Съезд проходил на фоне бурно растущего кинорынка. Электротеатры открывались во всех городах империи, вступая между собой в жёсткую конкуренцию. В погоне за зрителем они шли наиболее очевидным путём, выпуская в прокат фильмы с незамысловатыми, но привлекающими публику сюжетами. Это сразу вызвало большой и стабильный поток общественной критики, причём с противоположных флангов политического спектра. Во многом из-за такого «лёгкого» репертуара кинематограф часто воспринимался как символ «падения нравов», вырождения культуры и её потакания «низменным инстинктам» толпы53. В. М. Пуришкевич, неоднократно обращавшийся к теме кинорепертуара, сетовал на заседании Думы 4 марта 1914 г.: «Куда, на какую бы сторону современной русской жизни… мы ни оглянулись, везде… удручающая картина растления и маразма. Кинематограф заменяет театры, кинематограф с пьесами сомнительного характера и содержания, живопись стала декадентской, поэзия обращается в футуризм, литература… обращается в… порнографию»54. «Вестник кинематографии» в июне 1911 г. подчёркивал необходимость именно «художественной» цензуры кино, позволяющей отбирать сюжеты для картин, отсеивать или жёстко ограничивать развлекательную программу. Под последним подразумевалось желание кинопрокатчиков показывать «неприхотливой публике всевозможную дребедень вроде гордо звучащих исторических драм с богатыми декорациями, костюмами и различными театральными эффектами. А наичаще демонстрируются всевозможные и до ужаса скучные увозы, покушения на чужую собственность и честь, похищения детей, погоня за ворами и т. д.»55.

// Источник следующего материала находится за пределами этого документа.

Lemma fmx_even_mul (pI : I -> bool) (pJ : J -> bool) (pK : K -> bool)
    (A : I -> J -> S) (B : J -> K -> S) :
  fmx_even pI pJ A -> fmx_even pJ pK B -> fmx_even pI pK (fmx_mul A B).
Proof.
move=> eA eB i k neq; rewrite /fmx_mul big1 // => j _.
have [eij|nij] := eqVneq (pI i) (pJ j); last by rewrite eA ?mul0r.
by rewrite eB ?mulr0 // -eij.
Qed.

End Products.
End FunMatrix.

Arguments fmx1 {S I}.
Arguments fmx_even1 {S I}.

Section MatrixFactorizationIso.
Variable S : comNzRingType.
Implicit Types M N L : mfd S.

Definition mf_sign M : mfI M -> mfI M -> S := fun t s => (t == s)%:R * (-1) ^+ mfpar M s.
Arguments mf_sign : clear implicits.

Lemma mfD_tensor M N :
  mfD (mf_tensor M N) = fmx_add (fmx_kron (mfD M) fmx1) (fmx_kron (mf_sign M) (mfD N)).
Proof. by []. Qed.

Lemma mf_isoP M N :
  mf_iso M N <-> exists P Q,
    [/\ fmx_even (mfpar N) (mfpar M) P, fmx_even (mfpar M) (mfpar N) Q,
        fmx_mul P Q = fmx1, fmx_mul Q P = fmx1 & fmx_mul P (mfD M) = fmx_mul (mfD N) P].
Proof.
split=> -[P [Q]].
  case=> ePQ PQ QP PD; exists P, Q; split.
  - by move=> j i /ePQ [].
  - by move=> i j; rewrite eq_sym => /ePQ [].
  - exact: funext2 PQ.
  - exact: funext2 QP.
  - exact: funext2 PD.
case=> eP eQ PQ QP PD; exists P, Q; split.
- by move=> j i n; split; [apply: eP | apply: eQ; rewrite eq_sym].
- by move=> j j'; rewrite -[RHS]/(fmx1 j j') -PQ.
- by move=> i i'; rewrite -[RHS]/(fmx1 i i') -QP.
- by move=> j i; rewrite -[LHS]/(fmx_mul P (mfD M) j i) PD.
Qed.

Lemma mf_iso_sym M N : mf_iso M N -> mf_iso N M.
Proof.
move/mf_isoP=> [P [Q [eP eQ PQ QP PD]]]; apply/mf_isoP; exists Q, P; split=> //.
rewrite -[LHS]fmx_mul1r -PQ -fmx_mulA [fmx_mul (fmx_mul Q _) P]fmx_mulA -PD.
by rewrite -fmx_mulA QP fmx_mul1l.
Qed.

Lemma mf_iso_trans M N L : mf_iso M N -> mf_iso N L -> mf_iso M L.
Proof.
move/mf_isoP=> [P [Q [eP eQ PQ QP PD]]] /mf_isoP [P' [Q' [eP' eQ' PQ' QP' PD']]].
apply/mf_isoP; exists (fmx_mul P' P), (fmx_mul Q Q'); split.
- exact: fmx_even_mul eP' eP.
- exact: fmx_even_mul eQ eQ'.
- by rewrite fmx_mulA -[fmx_mul P (fmx_mul Q Q')]fmx_mulA PQ fmx_mul1l.
- by rewrite fmx_mulA -[fmx_mul Q' (fmx_mul P' P)]fmx_mulA QP' fmx_mul1l.
- by rewrite fmx_mulA PD -fmx_mulA PD' fmx_mulA.
Qed.

Lemma mf_sign_even M M' (P : mfI M' -> mfI M -> S) :
  fmx_even (mfpar M') (mfpar M) P -> fmx_mul P (mf_sign M) = fmx_mul (mf_sign M') P.
Proof.
move=> eP; apply: funext2 => j i.
rewrite /fmx_mul /mf_sign.
under eq_bigr do rewrite mulrA.
rewrite -big_distrl /= sum_deltar.
under eq_bigr do rewrite -mulrA.
rewrite sum_deltal.
have [->|nji] := eqVneq (mfpar M' j) (mfpar M i); first by rewrite mulrC.
by rewrite eP // mul0r mulr0.
Qed.

Lemma mf_iso_tensorl M M' N : mf_iso M M' -> mf_iso (mf_tensor M N) (mf_tensor M' N).
Proof.
move/mf_isoP=> [P [Q [eP eQ PQ QP PD]]].
apply/mf_isoP; exists (fmx_kron P fmx1), (fmx_kron Q fmx1); split.
- exact: fmx_even_kron eP (fmx_even1 _).
- exact: fmx_even_kron eQ (fmx_even1 _).
- by rewrite fmx_mul_kron PQ fmx_mul1l fmx_kron1.
- by rewrite fmx_mul_kron QP fmx_mul1l fmx_kron1.
rewrite !mfD_tensor fmx_mulDr fmx_mulDl !fmx_mul_kron !fmx_mul1l !fmx_mul1r PD.
by rewrite mf_sign_even.
Qed.

Lemma mf_iso_tensorr M N N' : mf_iso N N' -> mf_iso (mf_tensor M N) (mf_tensor M N').
Proof.
move/mf_isoP=> [P [Q [eP eQ PQ QP PD]]].
apply/mf_isoP; exists (fmx_kron fmx1 P), (fmx_kron fmx1 Q); split.
- exact: fmx_even_kron (fmx_even1 _) eP.
- exact: fmx_even_kron (fmx_even1 _) eQ.
- by rewrite fmx_mul_kron PQ fmx_mul1l fmx_kron1.
- by rewrite fmx_mul_kron QP fmx_mul1l fmx_kron1.
by rewrite !mfD_tensor fmx_mulDr fmx_mulDl !fmx_mul_kron !fmx_mul1l !fmx_mul1r PD.
Qed.

Lemma mf_iso_reindex M N (e : mfI M -> mfI N) :
    bijective e -> (forall i, mfpar N (e i) = mfpar M i) ->
    (forall t s, mfD N (e t) (e s) = mfD M t s) ->
  mf_iso M N.
Proof.
case=> g eK gK epar eD.
have egE j i : (j == e i) = (g j == i).
  by apply/eqP/eqP => [->|<-]; rewrite ?eK ?gK.
apply/mf_isoP; exists (fun j i => (j == e i)%:R), (fun i j => (j == e i)%:R); split.
- by move=> j i; have [->|] := eqVneq j (e i); rewrite ?epar ?eqxx.
- by move=> i j; have [->|] := eqVneq j (e i); rewrite ?epar ?eqxx.
- apply: funext2 => j j'.
  by rewrite /fmx_mul; under eq_bigr do rewrite egE; rewrite sum_deltal gK eq_sym.
- apply: funext2 => i i'.
  by rewrite /fmx_mul sum_deltar (bij_eq (Bijective eK gK)) eq_sym.
apply: funext2 => j i.
rewrite /fmx_mul; under eq_bigr do rewrite egE.
by rewrite sum_deltal sum_deltar -eD gK.
Qed.

Lemma mf_iso_refl M : mf_iso M M.
Proof. by apply: (@mf_iso_reindex M M id) => //; exists id. Qed.

Lemma mf_tensor1m M : mf_iso (mf_tensor (mf_unit S) M) M.
Proof.
apply: (@mf_iso_reindex (mf_tensor (mf_unit S) M) M snd); first by exists (pair tt) => // -[[]].
- by [].
by move=> [[] t] [[] s]; rewrite /= mul0r add0r expr0 !mul1r.
Qed.

Lemma mf_tensorA M N L :
  mf_iso (mf_tensor (mf_tensor M N) L) (mf_tensor M (mf_tensor N L)).
Proof.
apply: (@mf_iso_reindex (mf_tensor (mf_tensor M N) L) (mf_tensor M (mf_tensor N L))
         (fun t => (t.1.1, (t.1.2, t.2)))).
- by exists (fun t => ((t.1, t.2.1), t.2.2)) => [[[]]|[? []]].
- by move=> [[i j] k]; rewrite /= addbA.
move=> [[t1 t2] t3] [[s1 s2] s3] /=.
by rewrite !xpair_eqE -!mulnb !natrM signr_addb; ring.
Qed.

End MatrixFactorizationIso.

Section KoszulRowOperations.
Variable S : comNzRingType.
Implicit Types (r : S * S) (rs : seq (S * S)).

Definition koszul_iso rs rs' := mf_iso (koszul rs) (koszul rs').

Lemma koszul_cat rs rs' : mf_iso (mf_tensor (koszul rs) (koszul rs')) (koszul (rs ++ rs')).
Proof.
elim: rs => [|r rs IH] /=; first exact: mf_tensor1m.
exact: mf_iso_trans (mf_tensorA _ _ _) (mf_iso_tensorr _ IH).
Qed.

Lemma koszul_iso_cat pre rs rs' post :
  koszul_iso rs rs' -> koszul_iso (pre ++ rs ++ post) (pre ++ rs' ++ post).
Proof.
move=> iso; elim: pre => [|r pre IH] /=; last exact: mf_iso_tensorr.
apply: mf_iso_trans (mf_iso_sym (koszul_cat _ _)) _.
exact: mf_iso_trans (mf_iso_tensorl _ iso) (koszul_cat _ _).
Qed.

Lemma sum_bool_unit (F : bool * unit -> S) :
  \sum_k F k = F (false, tt) + F (true, tt).
Proof.
rewrite (eq_bigr (fun k => F (k.1, k.2))) => [|[? []] //].
rewrite -(pair_bigA _ (fun k1 k2 => F (k1, k2))) big_bool addrC /=.
by rewrite !(big_pred1 tt) // => -[].
Qed.

Lemma sum_koszul2 (F : bool * (bool * unit) -> S) :
  \sum_k F k = F (false, (false, tt)) + F (false, (true, tt)) + F (true, (false, tt))
               + F (true, (true, tt)).
Proof.
rewrite (eq_bigr (fun k => F (k.1, k.2))) => [|[? ?] //].
by rewrite -(pair_bigA _ (fun k1 k2 => F (k1, k2))) big_bool /= !sum_bool_unit; ring.
Qed.

Ltac koszul2_brute :=
  move=> [[] [[] []]] [[] [[] []]]; rewrite //= ?sum_koszul2 /=; try move=> _; try split; ring.

Lemma koszul2_swap r r' : koszul_iso [:: r; r'] [:: r'; r].
Proof.
(* the sign is the Koszul sign of exchanging the two odd generators *)
pose P (j i : bool * (bool * unit)) : S :=
  ((j.1 == i.2.1) && (j.2.1 == i.1))%:R * (-1) ^+ (i.1 && i.2.1).
by exists P, P; rewrite /P; split; koszul2_brute.
Qed.

Lemma koszul2_add_a a1 b1 a2 b2 c :
  koszul_iso [:: (a1, b1); (a2, b2)] [:: (a1 + c * a2, b1); (a2, b2 - c * b1)].
Proof.
pose E (j i : bool * (bool * unit)) : S :=
  ((j == (false, (true, tt))) && (i == (true, (false, tt))))%:R.
exists (fun j i => (j == i)%:R - c * E j i), (fun i j => (i == j)%:R + c * E i j).
by rewrite /E; split; koszul2_brute.
Qed.

Lemma koszul2_add_b a1 b1 a2 b2 c :
  koszul_iso [:: (a1, b1); (a2, b2)] [:: (a1, b1 + c * a2); (a2, b2 - c * a1)].
Proof.
pose E (j i : bool * (bool * unit)) : S :=
  ((j == (true, (true, tt))) && (i == (false, (false, tt))))%:R.
exists (fun j i => (j == i)%:R + c * E j i), (fun i j => (i == j)%:R - c * E i j).
by rewrite /E; split; koszul2_brute.
Qed.

Lemma koszul_iso_eq rs rs' : rs = rs' -> koszul_iso rs rs'.
Proof. by move->; apply: mf_iso_refl. Qed.

Lemma koszul_iso_move r mid post : koszul_iso (r :: mid ++ post) (mid ++ r :: post).
Proof.
elim: mid => [|m mid IH] /=; first exact: mf_iso_refl.
apply: mf_iso_trans (koszul_iso_cat [::] (mid ++ post) (koszul2_swap r m)) _.
exact: mf_iso_tensorr.
Qed.

Lemma koszul_iso_pair pre x mid y post x' y' :
    koszul_iso [:: x; y] [:: x'; y'] ->
  koszul_iso (pre ++ x :: mid ++ y :: post) (pre ++ x' :: mid ++ y' :: post).
Proof.
move=> iso.
have gather z w : koszul_iso (pre ++ z :: mid ++ w :: post) (pre ++ mid ++ z :: w :: post).
  by have := koszul_iso_cat pre [::] (koszul_iso_move z mid (w :: post)); rewrite !cats0.
apply: mf_iso_trans (gather x y) (mf_iso_trans _ (mf_iso_sym (gather x' y'))).
by have := koszul_iso_cat (pre ++ mid) post iso; rewrite -!catA.
Qed.

Lemma koszul_iso_catC rs rs' : koszul_iso (rs ++ rs') (rs' ++ rs).
Proof.
elim: rs => [|r rs IH] /=; first by rewrite cats0; apply: mf_iso_refl.
exact: mf_iso_trans (mf_iso_tensorr _ IH) (koszul_iso_move r rs' rs).
Qed.

(* Add a4 to a2 and a3 to a1, then add to the b-column the skew-symmetric combination of
   the a-column with coefficients s_ij, and finally exchange rows 1, 2 and rows 3, 4. *)
Lemma koszul4_reduction (a1 a2 a3 a4 b1 b2 b3 b4 s12 s13 s14 s23 s24 s34 : S) :
  koszul_iso [:: (a1, b1); (a2, b2); (a3, b3); (a4, b4)]
    [:: (a2 + a4, b2 + s12 * (a1 + a3) + s13 * a4 + s14 * a3);
        (a1 + a3, b1 - s12 * (a2 + a4) + s23 * a4 + s24 * a3);
        (a4, b4 - b2 - s13 * (a2 + a4) - s23 * (a1 + a3) + s34 * a3);
        (a3, b3 - b1 - s14 * (a2 + a4) - s24 * (a1 + a3) - s34 * a4)].
Proof.
apply: mf_iso_trans (koszul_iso_pair [:: _] [:: _] [::] (koszul2_add_a _ _ _ _ 1)) _.
apply: mf_iso_trans (koszul_iso_pair [::] [:: _] [:: _] (koszul2_add_a _ _ _ _ 1)) _.
apply: mf_iso_trans (koszul_iso_pair [::] [::] [:: _; _] (koszul2_add_b _ _ _ _ (- s12))) _.
apply: mf_iso_trans (koszul_iso_pair [::] [:: _] [:: _] (koszul2_add_b _ _ _ _ s24)) _.
apply: mf_iso_trans (koszul_iso_pair [::] [:: _; _] [::] (koszul2_add_b _ _ _ _ s23)) _.
apply: mf_iso_trans (koszul_iso_pair [:: _] [::] [:: _] (koszul2_add_b _ _ _ _ s14)) _.
apply: mf_iso_trans (koszul_iso_pair [:: _] [:: _] [::] (koszul2_add_b _ _ _ _ s13)) _.
apply: mf_iso_trans (koszul_iso_pair [:: _; _] [::] [::] (koszul2_add_b _ _ _ _ (- s34))) _.
apply: mf_iso_trans (koszul_iso_pair [::] [::] [:: _; _] (koszul2_swap _ _)) _.
apply: mf_iso_trans (koszul_iso_pair [:: _; _] [::] [::] (koszul2_swap _ _)) _.
by apply: koszul_iso_eq; congr [:: (_, _); (_, _); (_, _); (_, _)]; ring.
Qed.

Подобные взгляды встречались в газетах и журналах весьма часто. В редком номере даже специальных изданий (не говоря о массовой печати) не упоминалось о примитивности сюжетных линий, бесполезности и вреде подавляющего большинства фильмов. Резко критиковались кинопроизводители и владельцы электротеатров за игнорирование не столь доходной просветительной функции кино, гонку за количеством и пренебрежение качеством выпускаемых лент. Особое внимание уделялось обилию в кино жестоких сцен. «Человеческая жизнь в нашей области не ценится ни в грош, – сетовал “Вестник кинематографии”. – Как только запутается коллизия, на которой построена картина; как только понадобится окончить слишком затянувшийся снимок, на сцене появляется пара выстрелов, утопленница, перегрызается чьё-нибудь горло, – и всё разрешается к общему удовольствию… Нигде не проливается такого количества крови, как в кинематографе. Почти столько же, сколько и на бойне»56.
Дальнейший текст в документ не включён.